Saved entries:
Lemma fin_maximal_delete_one {Y Y' F' s} :
  subset Y E -> subset Y' Y -> (forall x, Y x -> ~ Y' x -> x = s) ->
  maximal_in (fin_indep E I) Y F' ->
  exists F, (forall x, F' x -> x <> s -> F x) /\ maximal_in (fin_indep E I) Y' F.
Proof.
  intros HYE HY'Y Hs HF'; pose proof HF' as (HF'fin & HF'Y & _).
  destruct (classic (subset F' Y')) as [HF'Y' | HF'nY'].
  { exists F'; split; [intros x Hx _; exact Hx | exact (maximal_in_mono HF' HF'Y' HY'Y)]. }
  assert (HF's : F' s /\ ~ Y' s).
  { apply NNPP; intros Hn; apply HF'nY'; intros x Hx; apply NNPP; intros HY'x.
    apply Hn; rewrite <- (Hs x (HF'Y x Hx) HY'x); auto. }
  set (F0 := fun x => F' x /\ x <> s).
  assert (HF0Y' : subset F0 Y').
  { intros x [Hx Hxs]; apply NNPP; intros HY'x; exact (Hxs (Hs x (HF'Y x Hx) HY'x)). }
  assert (HF0 : fin_indep E I F0) by (apply (fin_indep_subset HF'fin); intros x [Hx _]; exact Hx).
  assert (HF'out : forall x, Y' x -> ~ F0 x -> ~ F' x).
  { intros x HY'x HF0x HF'x; apply HF0x; split; [exact HF'x | intros ->; exact (proj2 HF's HY'x)]. }
  destruct (classic (maximal_in (fin_indep E I) Y' F0)) as [HF0max | HF0nmax].
  { exists F0; split; [intros x Hx Hxs; split; auto | exact HF0max]. }
  destruct (not_maximal_in_ex (@fin_indep_subset) HF0 HF0Y' HF0nmax) as [e [HY'e [HF0e HF0eI]]].
  exists (set_add F0 e); split; [intros x Hx Hxs; left; split; auto |].
  apply NNPP; intros HF0enmax.
  assert (HF0eY' : subset (set_add F0 e) Y') by (intros x [Hx | ->]; auto).
  destruct (not_maximal_in_ex (@fin_indep_subset) HF0eI HF0eY' HF0enmax) as [y [HY'y [HF0ey HF0eyI]]].
  apply (fin_maximal_exchange HYE HF' (proj1 HF's) (HY'Y e HY'e) (HY'Y y HY'y)); [| | | exact HF0eyI].
  - exact (HF'out e HY'e HF0e).
  - apply (HF'out y HY'y); intros HF0y; apply HF0ey; left; exact HF0y.
  - intros ->; apply HF0ey; right; reflexivity.
Qed.

Lemma card_le_setminus_maximal_in {Y B B' s} :
  maximal_in I Y B' -> I B -> subset B Y -> (forall x, B' x -> x <> s -> B x) ->
  card_le (setminus B B') 1.
Proof.
  intros HB' HB HBY HB'B; pose proof HB' as (_ & HB'Y & HB'max).
  destruct (classic (exists b, B b /\ ~ B' b)) as [[b1 [HBb1 HB'b1]] | Hno].
  2: { exists nil; split; [auto | intros x [HBx HB'x]; exfalso; eauto]. }
  exists (b1 :: nil); split; [auto |].
  set (A := set_add (fun x => B' x /\ x <> s) b1).
  assert (HAB : subset A B) by (intros x [[Hx Hxs] | ->]; auto).
  assert (HAY : subset A Y) by (intros x Hx; apply HBY, HAB, Hx).
  assert (HAmax : maximal_in I Y A).
  { apply NNPP; intros HAnm.
    destruct (nonmaximal_augment (indep_subset HB HAB) HAY HAnm HB') as [b [HB'b [HAb HAbI]]].
    assert (b = s) as -> by (apply NNPP; intros Hbs; apply HAb; left; split; auto).
    apply HB'b1, (HB'max (set_add B' b1)); [| intros x Hx; left; exact Hx | | right; reflexivity].
    - apply (indep_subset HAbI); intros x [Hx | ->]; [| left; right; reflexivity].
      destruct (classic (x = s)) as [-> | Hxs]; [right; reflexivity | left; left; split; auto].
    - intros x [Hx | ->]; [apply HB'Y, Hx | apply HBY, HBb1]. }
  intros b2 [HBb2 HB'b2]; left.
  assert (HAb2 : A b2).
  { apply (proj2 (proj2 HAmax) (set_add A b2)); [| intros x Hx; left; exact Hx | | right; reflexivity].
    - apply (indep_subset HB); intros x [Hx | ->]; [apply HAB, Hx | exact HBb2].
    - intros x [Hx | ->]; [apply HAY, Hx | apply HBY, HBb2]. }
  destruct HAb2 as [[HB'b2' _] | ->]; [contradiction | reflexivity].
Qed.

(* [M|Y] is n-nearly finitary, with the bases of [M|Y] and of its finitarization
   written as maximal subsets of [Y]. *)
Definition n_nearly_finitary_on (n : nat) Y : Prop :=
  forall F B, maximal_in (fin_indep E I) Y F -> maximal_in I Y B -> subset B F ->
    card_le (setminus F B) n.

Lemma n_nearly_finitary_on_restrict {n Y} :
  subset Y E -> n_nearly_finitary n Y (restrict I Y) -> n_nearly_finitary_on n Y.
Proof.
  intros HYE Hn F B HF HB HBF.
  exact (Hn F B (proj2 (is_base_fin_restrict HYE) HF) (proj2 is_base_restrict HB) HBF).
Qed.

Lemma n_nearly_finitary_of_on {n} : n_nearly_finitary_on n E -> n_nearly_finitary n E I.
Proof.
  intros Hn F B HF HB HBF.
  exact (Hn F B (proj1 is_base_fin_ground HF) (proj1 is_base_maximal_in_ground HB) HBF).
Qed.

Lemma n_nearly_finitary_on_add_one {n Y Y' s} :
  subset Y E -> subset Y' Y -> (forall x, Y x -> ~ Y' x -> x = s) ->
  n_nearly_finitary_on n Y' -> n_nearly_finitary_on (n + 2) Y.
Proof.
  intros HYE HY'Y Hs Hn F' B' HF' HB' HB'F'.
  assert (HY'E : subset Y' E) by (intros x Hx; apply HYE, HY'Y, Hx).
  destruct (fin_maximal_delete_one HYE HY'Y Hs HF') as [F [HF'F HF]].
  set (B'' := fun x => B' x /\ x <> s).
  destruct (indep_maximal (A := B'') (X := F)) as [B [HB''B HB]].
  { apply (indep_subset (proj1 HB')); intros x [Hx _]; exact Hx. }
  { intros x [Hx Hxs]; apply HF'F; auto. }
  { intros x Hx; apply HY'E, (proj1 (proj2 HF)), Hx. }
  pose proof HB as (HBI & HBF & _).
  pose proof (maximal_in_of_fin_maximal_in HY'E HF HB) as HBY'.
  change (n + 2) with (n + (1 + 1)).
  apply (card_le_subset (B := fun x => setminus F B x \/ (x = s \/ setminus B B' x))).
  - apply card_le_union; [exact (Hn F B HF HBY' HBF) | apply card_le_union].
    + exists (s :: nil); split; [auto | intros x ->; left; reflexivity].
    + apply (card_le_setminus_maximal_in (s := s) HB' HBI); [| intros x Hx Hxs; apply HB''B; split; auto].
      intros x Hx; apply HY'Y, (proj1 (proj2 HBY')), Hx.
  - intros x [HF'x HB'x]; destruct (classic (x = s)) as [-> | Hxs]; [right; left; reflexivity |].
    destruct (classic (B x)) as [HBx | HBx]; [right; right; split; auto | left; split; auto].
Qed.

Lemma nearly_finitary_restrict {Y} (l : list T) :
  nearly_finitary E I -> subset Y E -> (forall x, E x -> ~ Y x -> In x l) ->
  nearly_finitary Y (restrict I Y).
Proof.
  intros Hnf HYE Hl F B HF HB HBF.
  apply (is_base_fin_restrict HYE) in HF; apply (proj1 is_base_restrict) in HB.
  destruct (finite_difference_ind (fun Z => exists F', subset F F' /\ maximal_in (fin_indep E I) Z F') E)
    with l Y as [F' [HFF' HF']]; auto.
  { intros Z Z' a HZZ' _ Ha [F1 [HFF1 HF1]].
    destruct (maximal_in_add_one (@fin_indep_subset) HF1 HZZ' Ha) as [F2 [HF1F2 HF2]].
    exists F2; split; [intros x Hx; apply HF1F2, HFF1, Hx | exact HF2]. }
  { exists F; split; [intros x Hx; exact Hx | exact HF]. }
  destruct (indep_maximal (proj1 HB) (fun x Hx => HFF' x (HBF x Hx)) (proj1 (proj2 HF')))
    as [B2 [HBB2 HB2]].
  pose proof (maximal_in_of_fin_maximal_in (fun x Hx => Hx) HF' HB2) as HB2E.
  apply (finite_subset (Hnf F' B2 (proj2 is_base_fin_ground HF')
                          (proj2 is_base_maximal_in_ground HB2E) (proj1 (proj2 HB2)))).
  intros x [HFx HBx]; split; [apply HFF', HFx |].
  intros HB2x; apply HBx, (maximal_in_cap (@indep_subset) HB HBB2 (proj1 HB2) x HB2x).
  apply (proj1 (proj2 HF)), HFx.
Qed.

End Matroid.

Theorem theorem3p4p7 (T : Type) (E : T -> Prop) (I : (T -> Prop) -> Prop)
  (S : T -> Prop) :
  is_matroid E I ->
  nearly_finitary E I ->
  (forall n : nat, ~ n_nearly_finitary n E I) ->
  subset S E -> finite S ->
  is_matroid (del_ground E S) (del_indep E I S) /\
  nearly_finitary (del_ground E S) (del_indep E I S) /\
  (forall n : nat, ~ n_nearly_finitary n (del_ground E S) (del_indep E I S)).
Proof.
  intros HM Hnf Hnn _ [l Hl].
  assert (HYE : subset (setminus E S) E) by (intros x [Hx _]; exact Hx).
  assert (Hl' : forall x, E x -> ~ setminus E S x -> In x l).
  { intros x Hx HSx; apply Hl, NNPP; intros HnSx; apply HSx; split; auto. }
  split; [| split].
  - exact (restrict_matroid HM HYE).
  - exact (nearly_finitary_restrict HM l Hnf HYE Hl').
  - intros n Hn.
    destruct (finite_difference_ind (fun Y => exists m, n_nearly_finitary_on (E := E) (I := I) m Y) E)
      with l (setminus E S) as [m Hm]; auto.
    + intros Y Y' a HYY' HY'E Ha [m Hm].
      exists (m + 2); exact (n_nearly_finitary_on_add_one HM HY'E HYY' Ha Hm).
    + exists n; exact (n_nearly_finitary_on_restrict HYE Hn).
    + exact (Hnn m (n_nearly_finitary_of_on HM Hm)).
Qed.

- _Your task_:
Could you set down, word for word, only the lines above from the line with "End Matroid." to the line with "- intros n Hn.", including both?

- _Expected answer_:
End Matroid.

Theorem theorem3p4p7 (T : Type) (E : T -> Prop) (I : (T -> Prop) -> Prop)
  (S : T -> Prop) :
  is_matroid E I ->
  nearly_finitary E I ->
  (forall n : nat, ~ n_nearly_finitary n E I) ->
  subset S E -> finite S ->
  is_matroid (del_ground E S) (del_indep E I S) /\
  nearly_finitary (del_ground E S) (del_indep E I S) /\
  (forall n : nat, ~ n_nearly_finitary n (del_ground E S) (del_indep E I S)).
Proof.
  intros HM Hnf Hnn _ [l Hl].
  assert (HYE : subset (setminus E S) E) by (intros x [Hx _]; exact Hx).
  assert (Hl' : forall x, E x -> ~ setminus E S x -> In x l).
  { intros x Hx HSx; apply Hl, NNPP; intros HnSx; apply HSx; split; auto. }
  split; [| split].
  - exact (restrict_matroid HM HYE).
  - exact (nearly_finitary_restrict HM l Hnf HYE Hl').
  - intros n Hn.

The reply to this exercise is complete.